She cleans the now dry blood off her face around her eyes and her nose. Opening up her still wet bun, she dries the hair off with a towel, and begins weaving the braid-hawk and cornrows, which allow her to keep the hair that long, while not getting in the way while fighting.

Then she throws on fresh underwear and herself into bed. Pushing the situation away, as she does so well, she focuses on the more pressing matters at hand.

The trace was way clearer than she had imagined, but so are the repercussions. She takes another look at her hand, riddled with ramifications. The thought of calling Maester Izaya to get the Mind Scale checked crosses her mind.

That will have to wait though because they just had a major break-through in the case and a depressing one at that. She can wait a little longer. Spending the rest of the night compiling the new data and searching the database for redheaded metropolitan residents, she does not notice the clock ticking away, until the alarm’s sudden ringing has her almost jumping off the bed.

**Notes for the Chapter:**

> This story has been in my head for nearly 20 years, but it's been prone to dramatic revisions and has lived through at least 30 major rewrites.  
> Now I've reached a point, where I'm satisfied with and proud of the overall outline and structure I've planned out, the only thing left being me doing it justice.
> 
> The one thing I learned about writing in my life is: If you're good enough, you can make everything work.  
> Here's to me punishing my ass to reach the summit of my abilities and hopefully refining my craft to a point, where I can get away with all the shenanigans in my head.


	2. Flowers

In the village where the homunculi live, there was a selectively mute girl and her twin sister, and they were always together, and always alone.
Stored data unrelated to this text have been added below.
(* Let $M\ge 2N-1$. Then for a generic $M$-element frame $\mathcal F$ for $\mathbb R^N$, the map $\mathbb M^{\mathcal F}$ is injective; that is, there is an open dense subset of the set of $M$-element frames for $\mathbb R^N$ such that for every $\mathcal F=\{f_1,\dots,f_M\}$ in it, $|\langle x,f_k\rangle|=|\langle y,f_k\rangle|$ for all $k$ implies $y=\pm x$.
   Context: An $M$-element frame for $\mathbb R^N$ is a family $\{f_1,\dots,f_M\}\subset\mathbb R^N$ spanning $\mathbb R^N$ (equivalently an $N\times M$ real matrix of rank $N$), with the topology induced from its range of coefficients $W=\{(\langle x,f_k\rangle)_k : x\in\mathbb R^N\}$ in the Grassmannian $Gr(N,M)$ of $N$-dimensional subspaces of $\mathbb R^M$. $\mathbb M^{\mathcal F}:\mathbb R^N/\{\pm1\}\to\mathbb R^M$, $\mathbb M^{\mathcal F}(\hat x)=(|\langle x,f_k\rangle|)_{k=1}^M$. *)

From HB Require Import structures.
From mathcomp Require Import all_boot all_order all_algebra.
From mathcomp Require Import all_classical all_reals all_analysis.
Set Implicit Arguments. Unset Strict Implicit. Unset Printing Implicit Defensive.
Import Order.TTheory GRing.Theory Num.Theory.
Import numFieldNormedType.Exports.
Local Open Scope classical_set_scope.
Local Open Scope ring_scope.

(* An M-element frame for R^N: an N x M real matrix F of rank N; its columns
   are f_1,...,f_M.  For x : 'rV_N, (x *m F) 0 k = <x, f_k>. *)
Definition is_frame {R : realType} {N M : nat} (F : 'M[R]_(N, M)) : Prop :=
  \rank F = N.

(* The range of coefficients W = { x *m F } is the row space of F.  We
   represent the point W of the Grassmannian Gr(N,M) by the orthogonal
   projection matrix of R^M onto W (a symmetric idempotent M x M matrix of
   rank N); Gr(N,M) carries the topology of these matrices in 'M[R]_M. *)
Definition frame_proj {R : realType} {N M : nat} (F : 'M[R]_(N, M)) : 'M[R]_M :=
  F^T *m invmx (F *m F^T) *m F.

(* The set of M-element frames for R^N, with the topology induced from
   Gr(N,M) via F |-> W: open sets are the preimages of open sets. *)
Definition frame_open {R : realType} (N M : nat) (U : set 'M[R]_(N, M)) : Prop :=
  exists V : set 'M[R]_M, open V /\
    U = [set F | is_frame F /\ V (frame_proj F)].

Definition frame_dense {R : realType} (N M : nat) (U : set 'M[R]_(N, M)) : Prop :=
  forall V : set 'M[R]_M, open V ->
    (exists F : 'M[R]_(N, M), is_frame F /\ V (frame_proj F)) ->
    exists F, U F /\ V (frame_proj F).

Definition phase_retrievable {R : realType} {N M : nat} (F : 'M[R]_(N, M)) : Prop :=
  forall x y : 'rV[R]_N,
    (forall k : 'I_M, `|(x *m F) 0 k| = `|(y *m F) 0 k|) -> y = x \/ y = - x.

(* A frame is full spark when every N of its M vectors are linearly
   independent.  If |<x, f_k>| = |<y, f_k>| for all k and M >= 2N - 1, then
   either <y - x, f_k> or <y + x, f_k> vanishes for at least N indices k, so
   full spark forces y = x or y = -x.  Full spark frames form an open dense
   set: it is the preimage of the open set of projections onto W none of whose
   N-column families is degenerate, and on the segment from any frame to a
   Vandermonde frame the product of all maximal minors is a nonzero
   polynomial in the parameter, hence nonzero at parameters arbitrarily close
   to the starting frame, whose projection moves continuously. *)

From HB Require Import structures.
From mathcomp Require Import all_boot all_order all_algebra.
From mathcomp Require Import all_classical all_reals all_analysis.
From mathcomp Require Import zify.
Import Order.TTheory GRing.Theory Num.Theory.
Import numFieldNormedType.Exports.
Local Open Scope classical_set_scope.
Local Open Scope ring_scope.

Section MatrixCvg.
Context {R : numFieldType} {T : Type} {F : set_system T} {FF : Filter F}.

Lemma cvg_mxP m n (f : T -> 'M[R]_(m, n)) (A : 'M[R]_(m, n)) :
  f x @[x --> F] --> A <-> forall i j, f x i j @[x --> F] --> A i j.
Proof.
split=> [fA i j | fA].
  exact: (continuous_cvg _ (@coord_continuous R m n i j A) fA).
move=> S [P PA /filterS]; apply.
by do 2 apply: filter_forall => ?; apply: fA.
Qed.

Lemma cvg_sumr (I : Type) (r : seq I) (P : pred I) (f : I -> T -> R) (a : I -> R) :
  (forall i, f i x @[x --> F] --> a i) ->
  \sum_(i <- r | P i) f i x @[x --> F] --> \sum_(i <- r | P i) a i.
Proof. by move=> fa; apply: cvg_big => //; exact: add_continuous. Qed.

Lemma cvg_prodr (I : Type) (r : seq I) (P : pred I) (f : I -> T -> R) (a : I -> R) :
  (forall i, f i x @[x --> F] --> a i) ->
  \prod_(i <- r | P i) f i x @[x --> F] --> \prod_(i <- r | P i) a i.
Proof. by move=> fa; apply: cvg_big => //; exact: mul_continuous. Qed.

Lemma cvg_mulmx {m n p} {f : T -> 'M[R]_(m, n)} {g : T -> 'M[R]_(n, p)}
    {A : 'M[R]_(m, n)} {B : 'M[R]_(n, p)} :
  f x @[x --> F] --> A -> g x @[x --> F] --> B ->
  f x *m g x @[x --> F] --> A *m B.
Proof.
move=> /cvg_mxP fA /cvg_mxP gB; apply/cvg_mxP => i j.
under eq_cvg do rewrite mxE; rewrite mxE.
by apply: cvg_sumr => k; apply: cvgM.
Qed.

Lemma cvg_trmx {m n} {f : T -> 'M[R]_(m, n)} {A : 'M[R]_(m, n)} :
  f x @[x --> F] --> A -> (f x)^T @[x --> F] --> A^T.
Proof.
move=> /cvg_mxP fA; apply/cvg_mxP => i j.
by under eq_cvg do rewrite mxE; rewrite mxE; exact: fA.
Qed.

Lemma cvg_mxsub {m n m' n'} (r : 'I_m' -> 'I_m) (c : 'I_n' -> 'I_n)
    {f : T -> 'M[R]_(m, n)} {A : 'M[R]_(m, n)} :
  f x @[x --> F] --> A -> mxsub r c (f x) @[x --> F] --> mxsub r c A.
Proof.
move=> /cvg_mxP fA; apply/cvg_mxP => i j.
by under eq_cvg do rewrite mxE; rewrite mxE; exact: fA.
Qed.

Lemma cvg_det {n} {f : T -> 'M[R]_n} {A : 'M[R]_n} :
  f x @[x --> F] --> A -> \det (f x) @[x --> F] --> \det A.
Proof.
move=> /cvg_mxP fA; apply: cvg_sumr => s.
by apply: cvgM; [exact: cvg_cst | apply: cvg_prodr => i].
Qed.

Lemma cvg_adj {n} {f : T -> 'M[R]_n} {A : 'M[R]_n} :
  f x @[x --> F] --> A -> \adj (f x) @[x --> F] --> \adj A.
Proof.
move=> fA; apply/cvg_mxP => i j.
under eq_cvg do rewrite /adjugate mxE; rewrite /adjugate mxE.
exact: cvgM (cvg_cst _) (cvg_det (cvg_mxsub _ _ (cvg_mxsub _ _ fA))).
Qed.

Lemma cvg_invmx {n} {f : T -> 'M[R]_n} {A : 'M[R]_n} : A \in unitmx ->
  f x @[x --> F] --> A -> invmx (f x) @[x --> F] --> invmx A.
Proof.
rewrite unitmxE unitfE => detA fA.
have detf := cvg_det fA.
rewrite /invmx unitmxE unitfE detA.
apply: cvg_trans (cvgZ (cvgV detA detf) (cvg_adj fA)); apply: near_eq_cvg.
near=> x; rewrite unitmxE unitfE ifT //; near: x; exact: cvgr_neq0 detf detA.
Unshelve. all: by end_near. Qed.

End MatrixCvg.

Lemma frame_proj_continuous {R : realType} {N M} {F : 'M[R]_(N, M)} :
  F *m F^T \in unitmx -> {for F, continuous frame_proj}.
Proof.
move=> FFu; have FF : x @[x --> F] --> F := cvg_id.
exact: cvg_mulmx (cvg_mulmx (cvg_trmx FF)
  (cvg_invmx FFu (cvg_mulmx FF (cvg_trmx FF)))) FF.
Qed.

Section Gram.
Context {R : realFieldType}.

Lemma mulmx_tr_eq0 m n (A : 'M[R]_(m, n)) : (A *m A^T == 0) = (A == 0).
Proof.
apply/eqP/eqP => [AAt0 | ->]; last by rewrite mul0mx.
have sq k i : A i k * A^T k i = A i k ^+ 2 by rewrite mxE expr2.
apply/matrixP => i j; apply/eqP; rewrite mxE -sqrf_eq0 -sq; apply/eqP.
have : (A *m A^T) i i = 0 by rewrite AAt0 mxE.
by rewrite mxE => /psumr_eq0P -> // k _; rewrite sq sqr_ge0.
Qed.

Lemma row_free_gram_unit {m n} {F : 'M[R]_(m, n)} :
  row_free F -> F *m F^T \in unitmx.
Proof.
move=> F_free; rewrite -row_free_unit -kermx_eq0.
set K := kermx _; have KF0 : K *m F *m (K *m F)^T = 0.
  by rewrite trmx_mul !mulmxA -(mulmxA K) mulmx_ker mul0mx.
by rewrite -(mulmx_free_eq0 _ F_free) -mulmx_tr_eq0 KF0.
Qed.

End Gram.

Definition full_spark {R : fieldType} {N M : nat} (F : 'M[R]_(N, M)) : Prop :=
  forall f : {ffun 'I_N -> 'I_M}, injectiveb f -> \det (colsub f F) != 0.

Lemma exists_injection_in {T : finType} {n : nat} {S : {set T}} :
  (n <= #|S|)%N -> exists f : {ffun 'I_n -> T}, injectiveb f /\ forall i, f i \in S.
Proof.
move=> nS; exists [ffun i => enum_val (widen_ord nS i)]; split.
  by apply/injectiveP => i j; rewrite !ffunE => /enum_val_inj/(congr1 val)/= /val_inj.
by move=> i; rewrite ffunE enum_valP.
Qed.

Section FullSpark.
Context {R : fieldType} {N M : nat} {F : 'M[R]_(N, M)}.
Hypothesis F_spark : full_spark F.

Lemma full_spark_kernel {z : 'rV[R]_N} {f : {ffun 'I_N -> 'I_M}} :
  injectiveb f -> (forall i, (z *m F) 0 (f i) = 0) -> z = 0.
Proof.
move=> f_inj zf0; have Ff_free : row_free (colsub f F).
  by rewrite row_free_unit unitmxE unitfE F_spark.
apply/eqP; rewrite -(mulmx_free_eq0 _ Ff_free); apply/eqP/rowP => j.
by rewrite mulmx_colsub mxE zf0 mxE.
Qed.

Lemma full_spark_row_free : (N <= M)%N -> row_free F.
Proof.
move=> NM; pose f := [ffun i : 'I_N => widen_ord NM i].
have f_inj : injectiveb f.
  by apply/injectiveP => i j; rewrite !ffunE => /(congr1 val)/= /val_inj.
have Ff_unit : colsub f F \in unitmx by rewrite unitmxE unitfE F_spark.
rewrite /row_free eqn_leq rank_leq_row -{1}(mxrank_unit Ff_unit).
by rewrite -[F in colsub f F]mulmx1 -mulmx_colsub mxrankM_maxl.
Qed.

End FullSpark.

Lemma full_spark_phase_retrievable (R : realType) N M (F : 'M[R]_(N, M)) :
  (2 * N - 1 <= M)%N -> full_spark F -> phase_retrievable F.
Proof.
move=> MN F_spark x y xFyF.
pose S := [set k | (y *m F) 0 k == (x *m F) 0 k]%SET.
have [NS | SN] := leqP N #|S|.
  have [f [f_inj fS]] := exists_injection_in NS.
  left; apply/eqP; rewrite -subr_eq0; apply/eqP.
  apply: (full_spark_kernel F_spark f_inj) => i; move: (fS i).
  by rewrite inE mulmxBl => /eqP yx; rewrite [LHS]mxE yx [X in _ + X]mxE subrr.
have /exists_injection_in [f [f_inj fSC]] : (N <= #|~: S|)%N.
  by move: (cardsC S); rewrite card_ord; lia.
right; apply/eqP; rewrite -addr_eq0; apply/eqP.
apply: (full_spark_kernel F_spark f_inj) => i; move: (fSC i) (xFyF (f i)).
rewrite !inE mulmxDl => /negbTE yx /eqP; rewrite eq_sym eqr_norm2 yx => /eqP yx'.
by rewrite [LHS]mxE yx' addNr.
Qed.

(* Independence of N columns is witnessed by a nonzero N-minor, which makes
   the condition visibly open. *)
Definition indep_cols {R : fieldType} (N : nat) {K M : nat} (P : 'M[R]_(K, M)) : Prop :=
  forall f : {ffun 'I_N -> 'I_M}, injectiveb f ->
    exists g : {ffun 'I_N -> 'I_K}, \det (rowsub g (colsub f P)) != 0.

Lemma indep_cols_mulmx_full_spark {R : fieldType} {K N M : nat}
    (X : 'M[R]_(K, N)) (F : 'M[R]_(N, M)) :
  indep_cols N (X *m F) -> full_spark F.
Proof.
move=> XF_indep f f_inj; have [g] := XF_indep f f_inj.
by rewrite -mulmx_colsub -mul_rowsub_mx det_mulmx mulf_eq0 negb_or => /andP[].
Qed.

Lemma full_spark_indep_cols_proj (R : realType) N M (F : 'M[R]_(N, M)) :
  (N <= M)%N -> full_spark F -> indep_cols N (frame_proj F).
Proof.
move=> NM F_spark f f_inj; exists f.
have FF_unit := row_free_gram_unit (full_spark_row_free F_spark NM).
have tr_colsub : rowsub f F^T = (colsub f F)^T by apply/matrixP => i j; rewrite !mxE.
rewrite /frame_proj -mulmx_colsub -!mul_rowsub_mx tr_colsub !det_mulmx det_tr det_inv.
by rewrite !mulf_neq0 ?F_spark // invr_eq0 -unitfE -unitmxE.
Qed.

Lemma continuous_minor {R : numFieldType} {k m n} (r : 'I_k -> 'I_m) (c : 'I_k -> 'I_n) :
  continuous (fun A : 'M[R]_(m, n) => \det (rowsub r (colsub c A))).
Proof.
move=> A; have idA : x @[x --> A] --> A := cvg_id.
exact: cvg_det (cvg_mxsub _ _ (cvg_mxsub _ _ idA)).
Qed.

Lemma open_indep_cols (R : realFieldType) N K M :
  open [set P : 'M[R]_(K, M) | indep_cols N P].
Proof.
rewrite openE => P P_indep.
apply: (@filter_forall _ _ (fun f : {ffun 'I_N -> 'I_M} => [set Q | injectiveb f ->
  exists g : {ffun 'I_N -> 'I_K}, \det (rowsub g (colsub f Q)) != 0]) (nbhs P) _) => f.
have [f_inj|f_ninj] := boolP (injectiveb f); last by apply: filterE.
have [g Pg] := P_indep f f_inj.
apply: (@filterS _ (nbhs P) _ _ _ _ (continuous_minor g f P _
  (open_nbhs_nbhs (conj (@open_neq R 0) Pg)))) => Q Qg _.
by exists g.
Qed.

Lemma full_spark_vandermonde (R : numFieldType) N M :
  full_spark (\matrix_(i < N, j < M) (j.+1)%:R ^+ i : 'M[R]_(N, M)).
Proof.
move=> f /injectiveP f_inj.
have -> : colsub f (\matrix_(i < N, j < M) (j.+1)%:R ^+ i) =
    Vandermonde N (\row_j ((f j).+1)%:R : 'rV[R]_N).
  by apply/matrixP => i j; rewrite !mxE.
rewrite det_Vandermonde; apply/prodf_neq0 => i _; apply/prodf_neq0 => j ij.
rewrite !mxE subr_eq0 eqr_nat eqSS; apply: contraTneq ij => /val_inj/f_inj ->.
by rewrite ltnn.
Qed.

Lemma exists_nonroot_itv {R : realFieldType} {p : {poly R}} {e : R} :
  p != 0 -> 0 < e -> exists2 t, 0 < t < e & ~~ root p t.
Proof.
move=> p0 e0; have [//|no_nonroot] := pselect (exists2 t, 0 < t < e & ~~ root p t).
pose ts := [seq e / k.+2%:R | k <- iota 0 (size p)].
have ts_roots : all (root p) ts.
  apply/allP => _ /mapP[k _ ->]; apply/negPn/negP => p_nroot; apply: no_nonroot.
  exists (e / k.+2%:R) => //.
  by rewrite divr_gt0 ?ltr0n //= ltr_pdivrMr ?ltr0n // ltr_pMr // ltr1n.
have ts_uniq : uniq ts.
  rewrite map_inj_uniq ?iota_uniq // => a b /(mulfI (lt0r_neq0 e0))/invr_inj.
  by move/eqP; rewrite eqr_nat !eqSS => /eqP.
by have := max_poly_roots p0 ts_roots ts_uniq; rewrite size_map size_iota ltnn.
Qed.

Lemma full_spark_segment {R : realFieldType} {N M} (F A : 'M[R]_(N, M)) {e : R} :
  full_spark A -> 0 < e -> exists2 t, 0 < t < e & full_spark (F + t *: (A - F)).
Proof.
move=> A_spark e0.
pose P : 'M[{poly R}]_(N, M) := map_mx polyC F + 'X *: map_mx polyC (A - F).
have P_eval t : map_mx (horner_eval t) P = F + t *: (A - F).
  by apply/matrixP => i j; rewrite !mxE /horner_eval !hornerE.
pose q := \prod_(f : {ffun 'I_N -> 'I_M} | injectiveb f) \det (colsub f P).
have q_eval t :
    q.[t] = \prod_(f : {ffun 'I_N -> 'I_M} | injectiveb f) \det (colsub f (F + t *: (A - F))).
  rewrite -[q.[t]]/(horner_eval t q) rmorph_prod; apply: eq_bigr => f _.
  by rewrite -det_map_mx map_mxsub P_eval.
have q_neq0 : q != 0.
  apply: contra_neq (_ : q.[1] != 0) => [->|]; first by rewrite horner0.
  by rewrite q_eval scale1r addrC subrK; apply/prodf_neq0.
have [t t_itv qt] := exists_nonroot_itv q_neq0 e0.
by exists t => //; apply/prodf_neq0; rewrite -q_eval.
Qed.

Lemma frame_dense_full_spark (R : realType) N M :
  (N <= M)%N -> frame_dense [set F : 'M[R]_(N, M) | full_spark F].
Proof.
move=> NM V V_open [F [F_frame VF]].
pose A : 'M[R]_(N, M) := \matrix_(i, j) (j.+1)%:R ^+ i.
pose seg t := F + t *: (A - F).
have seg_cvg : seg t @[t --> 0] --> F.
  rewrite -[X in _ --> X]addr0 -(scale0r (A - F)).
  exact: cvgD (cvg_cst F) (cvgZ cvg_id (cvg_cst (A - F))).
have FF_unit : F *m F^T \in unitmx by apply/row_free_gram_unit/eqP.
have /(_ _ (open_nbhs_nbhs (conj V_open VF))) /nbhs_ballP[e e0 eV] :=
  continuous_cvg (nbhs_filter (0 : R)) (frame_proj_continuous FF_unit) seg_cvg.
have [t t_itv t_spark] := full_spark_segment F A (full_spark_vandermonde R N M) e0.
exists (seg t); split => //; apply: eV.
by rewrite -ball_normE /ball_ /= sub0r normrN gtr0_norm //; case/andP: t_itv.
Qed.

Theorem theorem2p2 (R : realType) (N M : nat) :
  (2 * N - 1 <= M)%N ->
  exists U : set 'M[R]_(N, M),
    U `<=` [set F | is_frame F] /\ frame_open U /\ frame_dense U /\
    (forall F, U F -> phase_retrievable F).
Proof.
move=> MN; have NM : (N <= M)%N by lia.
exists [set F | full_spark F]; split; last split; last split.
- by move=> F F_spark; apply/eqP/(full_spark_row_free F_spark).
- exists [set P | indep_cols N P]; split; first exact: open_indep_cols.
  apply/seteqP; split=> F.
    move=> F_spark; split; last exact: full_spark_indep_cols_proj.
    exact/eqP/(full_spark_row_free F_spark).
  by case=> _; apply: indep_cols_mulmx_full_spark.
- exact: frame_dense_full_spark.
- by move=> F; apply: full_spark_phase_retrievable.
Qed.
Being raised inside the bounds of the clan’s compound with no other children their age had brought them together, closer than blood, in a way only necessity can.

They experienced security far above the standards of their times, with warring factions all around them on either side of the walls. The humans in the east, the wildlings to the west, and inside the walls the other homunculi clans, only masking their hostility to stay in the good graces of the Kaiyō Clan.

The girls were aware of their luck as their mother made sure of it to a fault.

Yet this safety never felt genuine to them. It was something volatile, threatening to vanish if they dared to hold onto it too tightly or look at it too long; something they borrowed in the scarce time they had with their father.

In the past, he’d come and wake them every day before dawn and take them on the short walk to the beach. He would paint pictures in their minds with his tales, vivid colors of marine blue and purple, pink and orange hugging the ocean, whenever the sun rose. Even if they couldn’t see it with their view being blocked by the dirty, moldy grey of the big wall, they saw it in their little hearts.

He taught them a lot, and the girls listened attentively, hanging on each of his words with wonder and curiosity. He was their hero, strong and tall, the tallest of all the Kaiyōni in the clan’s main family and much taller than any Kaiyōni they knew of the branch family, and they worshipped his knowledge and wisdom and the colorful and gentle way he viewed the world.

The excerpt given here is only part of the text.